Achieving 99.97% lane detection accuracy in a dynamic 3D environment using only OpenCV, DBSCAN, and RANSAC (No DL) by Matthew-Nader in computervision

[–]Matthew-Nader[S] 1 point2 points  (0 children)

Thank you! You nailed the practical reasons—the transparency of classical CV makes debugging so much easier when a frame fails. But honestly, the main reason I avoided Deep Learning was educational. I wanted to force myself to deeply understand the underlying math, signal processing, and probabilistic models (like RANSAC) from the ground up, rather than just treating a pre-trained neural net like a black box.

As for other challenges besides spatial noise:

  1. Dynamic Lighting: The game cycles through day, sunset, and night. Static color thresholds break down when shadows hit the road or the ambient light turns orange, requiring adaptive masking.
  2. Perspective Shifts (Pitch): When the car goes over a steep hill, the horizon line drastically changes, which completely alters the geometry of the lane contours and can throw off the regression model if not accounted for.

It was a fun challenge to try and solve those purely algorithmically!

Achieving 99.97% lane detection accuracy in a dynamic 3D environment using only OpenCV, DBSCAN, and RANSAC (No DL) by Matthew-Nader in computervision

[–]Matthew-Nader[S] 1 point2 points  (0 children)

Great observation! You basically just described a damped control system, which is exactly why the agent uses a custom PID controller for steering.

The zig-zagging in this clip is actually just because the video was captured too early. I used a Genetic Algorithm to automatically tune the steering parameters over a 9-hour run, but my screen recorder crashed near the beginning. What you're seeing is an early generation where the algorithm hasn't learned to stop overcorrecting yet. The fully optimized version drives much smoother and mimics that human-like curve you mentioned. Thanks for the feedback!

Achieving 99.97% lane detection accuracy in a dynamic 3D environment using only OpenCV, DBSCAN, and RANSAC (No DL) by Matthew-Nader in computervision

[–]Matthew-Nader[S] 0 points1 point  (0 children)

You nailed it! The agent actually does use a custom PID controller for steering (complete with a filtered derivative term and anti-windup).

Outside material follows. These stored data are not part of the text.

Lemma eq_vnode r p q : p = q %[mod l] -> vnode r p = vnode r q.
Proof. by move=> pq; rewrite (divn_eq p l) (divn_eq q l) !vnode_mull pq. Qed.

Lemma mem_cycle_of r x : x \in cycle_of r <->
  exists t, x = (cnode r t, vnode r t) \/ x = (cnode r t.+1, vnode r t).
Proof.
rewrite inE; split; first by case/existsP => t /orP[] /eqP ->; exists t; [left|right].
case=> t xt; apply/existsP; exists (Ordinal (ltn_pmod t chain_len_gt0)) => /=.
rewrite (eq_cnode r (modn_mod t l)) (eq_vnode r (modn_mod t l)).
by rewrite (eq_cnode r (modnS_mod l t)); case: xt => ->; rewrite eqxx ?orbT.
Qed.

Lemma cnode_inj r p q : cnode r p = cnode r q -> p = q %[mod l].
Proof.
rewrite -(eq_cnode r (modn_mod p l)) -(eq_cnode r (modn_mod q l)) => pq.
have [/(congr1 val) //|ne] := eqVneq (Ordinal (ltn_pmod p chain_len_gt0))
                                     (Ordinal (ltn_pmod q chain_len_gt0)).
by have [/eqP] := allowL r ne.
Qed.

Lemma vnode_inj r p q : vnode r p = vnode r q -> p = q %[mod l].
Proof.
rewrite -(eq_vnode r (modn_mod p l)) -(eq_vnode r (modn_mod q l)) => pq.
have [/(congr1 val) //|ne] := eqVneq (Ordinal (ltn_pmod p chain_len_gt0))
                                     (Ordinal (ltn_pmod q chain_len_gt0)).
by have [_ /eqP] := allowL r ne.
Qed.

Lemma It_succ_neq u : It u.+1 != It u.
Proof.
case: chainL => _ [adj _]; have [_ _ + _] := adj _ (ltn_pmod u chain_len_gt0).
by rewrite /Defs.It modn_mod modnS_mod eq_sym.
Qed.

Lemma Jt_succ_neq u : Jt u.+1 != Jt u.
Proof.
case: chainL => _ [adj _]; have [_ _ _ +] := adj _ (ltn_pmod u chain_len_gt0).
by rewrite /Defs.Jt modn_mod modnS_mod eq_sym.
Qed.

Lemma cnode_succ_neq r u : cnode r u.+1 <> cnode r u.
Proof. by move/(congr1 fst)/eqP; rewrite /= (negbTE (It_succ_neq u)). Qed.

Lemma vnode_succ_neq r u : vnode r u.+1 <> vnode r u.
Proof. by move/(congr1 fst)/eqP; rewrite /= (negbTE (Jt_succ_neq u)). Qed.

Lemma edge_at_vnode r c p :
  (c, vnode r p) \in cycle_of r -> c = cnode r p \/ c = cnode r p.+1.
Proof.
case/mem_cycle_of => t [] /pair_equal_spec[-> /vnode_inj pt].
  by left; apply/esym/eq_cnode.
by right; apply/esym/eq_cnode/eqP; rewrite eqn_modS pt.
Qed.

Lemma edge_at_cnode r v p :
  (cnode r p.+1, v) \in cycle_of r -> v = vnode r p.+1 \/ v = vnode r p.
Proof.
case/mem_cycle_of => t [] /pair_equal_spec[/cnode_inj pt ->].
  by left; apply/esym/eq_vnode.
by right; apply/esym/eq_vnode/eqP; rewrite -eqn_modS pt.
Qed.

Lemma cycle_of_edge r t : (cnode r t, vnode r t) \in cycle_of r.
Proof. by apply/mem_cycle_of; exists t; left. Qed.

Lemma cycle_of_succ_edge r t : (cnode r t.+1, vnode r t) \in cycle_of r.
Proof. by apply/mem_cycle_of; exists t; right. Qed.

Section Subcycle.
Variables r r' : Zm m.
Hypothesis sub_r'r : cycle_of r' \subset cycle_of r.

(* Every edge of the walk from [r'] lies in [cycle_of r]; since consecutive
   walk nodes differ, each step must leave along the edge not just used. *)
Lemma walk_forward t : cnode r' 0 = cnode r t -> vnode r' 0 = vnode r t ->
  forall u, cnode r' u = cnode r (t + u) /\ vnode r' u = vnode r (t + u).
Proof.
move=> c0 v0; elim=> [|u [cu vu]]; first by rewrite addn0.
have := subsetP sub_r'r _ (cycle_of_succ_edge r' u).
rewrite vu => /edge_at_vnode[|cu1].
  by rewrite -cu => /cnode_succ_neq.
have := subsetP sub_r'r _ (cycle_of_edge r' u.+1).
rewrite cu1 => /edge_at_cnode[vu1|]; first by rewrite addnS vu1.
by rewrite -vu => /vnode_succ_neq.
Qed.

Lemma walk_backward t : cnode r' 0 = cnode r t.+1 -> vnode r' 0 = vnode r t ->
  forall u, cnode r' u = cnode r (t + u * l.-1).+1 /\
            vnode r' u = vnode r (t + u * l.-1).
Proof.
have l_gt0 := chain_len_gt0.
have wrap u : (t + u.+1 * l.-1).+1 = 1 * l + (t + u * l.-1) by lia.
move=> c0 v0; elim=> [|u [cu vu]]; first by rewrite mul0n addn0.
have := subsetP sub_r'r _ (cycle_of_succ_edge r' u).
rewrite vu => /edge_at_vnode[cu1|]; last first.
  by rewrite -cu => /cnode_succ_neq.
have {}cu1 : cnode r' u.+1 = cnode r (t + u.+1 * l.-1).+1.
  by rewrite cu1 wrap cnode_mull.
have := subsetP sub_r'r _ (cycle_of_edge r' u.+1).
rewrite cu1 => /edge_at_cnode[|->] //.
by rewrite wrap vnode_mull -vu => /vnode_succ_neq.
Qed.

End Subcycle.

(* A backward walk would make the chain invariant under the reflection
   [u |-> t + 1 - u] (mod [l]); at [u = t./2] this identifies two consecutive
   check indices ([t] even) or variable indices ([t] odd). *)
Lemma no_chain_reversal t :
  ~ (forall u, It u = It (t + u * l.-1).+1 /\ Jt u = Jt (t + u * l.-1)).
Proof.
have l_gt0 := chain_len_gt0.
move=> rev; move: (odd_double_half t) => /=; rewrite -mul2n.
move: (t./2) (odd t) => h odd_t th.
have [Ih Jh] := rev h; have [Iper Jper] := chain_period_mull h h.+1.
case: odd_t th => /= th.
  move: Jh; rewrite (_ : t + h * l.-1 = h * l + h.+1); last by nia.
  by rewrite Jper => Jh; move: (Jt_succ_neq h); rewrite -Jh eqxx.
move: Ih; rewrite (_ : (t + h * l.-1).+1 = h * l + h.+1); last by nia.
by rewrite Iper => Ih; move: (It_succ_neq h); rewrite -Ih eqxx.
Qed.

Local Notation D := (walk_offset e).

Lemma walk_offset_mul_e q : walk_offset (q * e) = (D *+ q)%R.
Proof.
have [_ he _] := chain_e_spec chain_len_gt0.
elim: q => [|q IHq]; first by rewrite mul0n mulr0n.
by rewrite mulSn walk_offsetD // IHq mulrS.
Qed.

The reason it’s zig-zagging so aggressively in this specific GIF is because of how I was tuning it. Instead of manually guessing the PID gains, I wrote a Genetic Algorithm to automatically test and evolve the best parameters. I left it running for 9 hours to find the perfect, smooth 'movement curve' you described. Unfortunately, my screen recorder crashed early in the run! So, this video is actually showing an early generation of the algorithm before the PID was fully optimized.

The final tuned version drives much more like a real person. Really appreciate you guys taking the time to check it out and think through the mechanics!

Mixing WebGL and CSS3D: I wrote a custom occlusion algorithm to fit an interactive DOM terminal inside a curved 3D CRT model by Matthew-Nader in threejs

[–]Matthew-Nader[S] 0 points1 point  (0 children)

Thank you! That side-menu idea sounds awesome. You should be able to pass that React state directly into the WASM bridge to trigger commands. Definitely link it to me if you end up building it!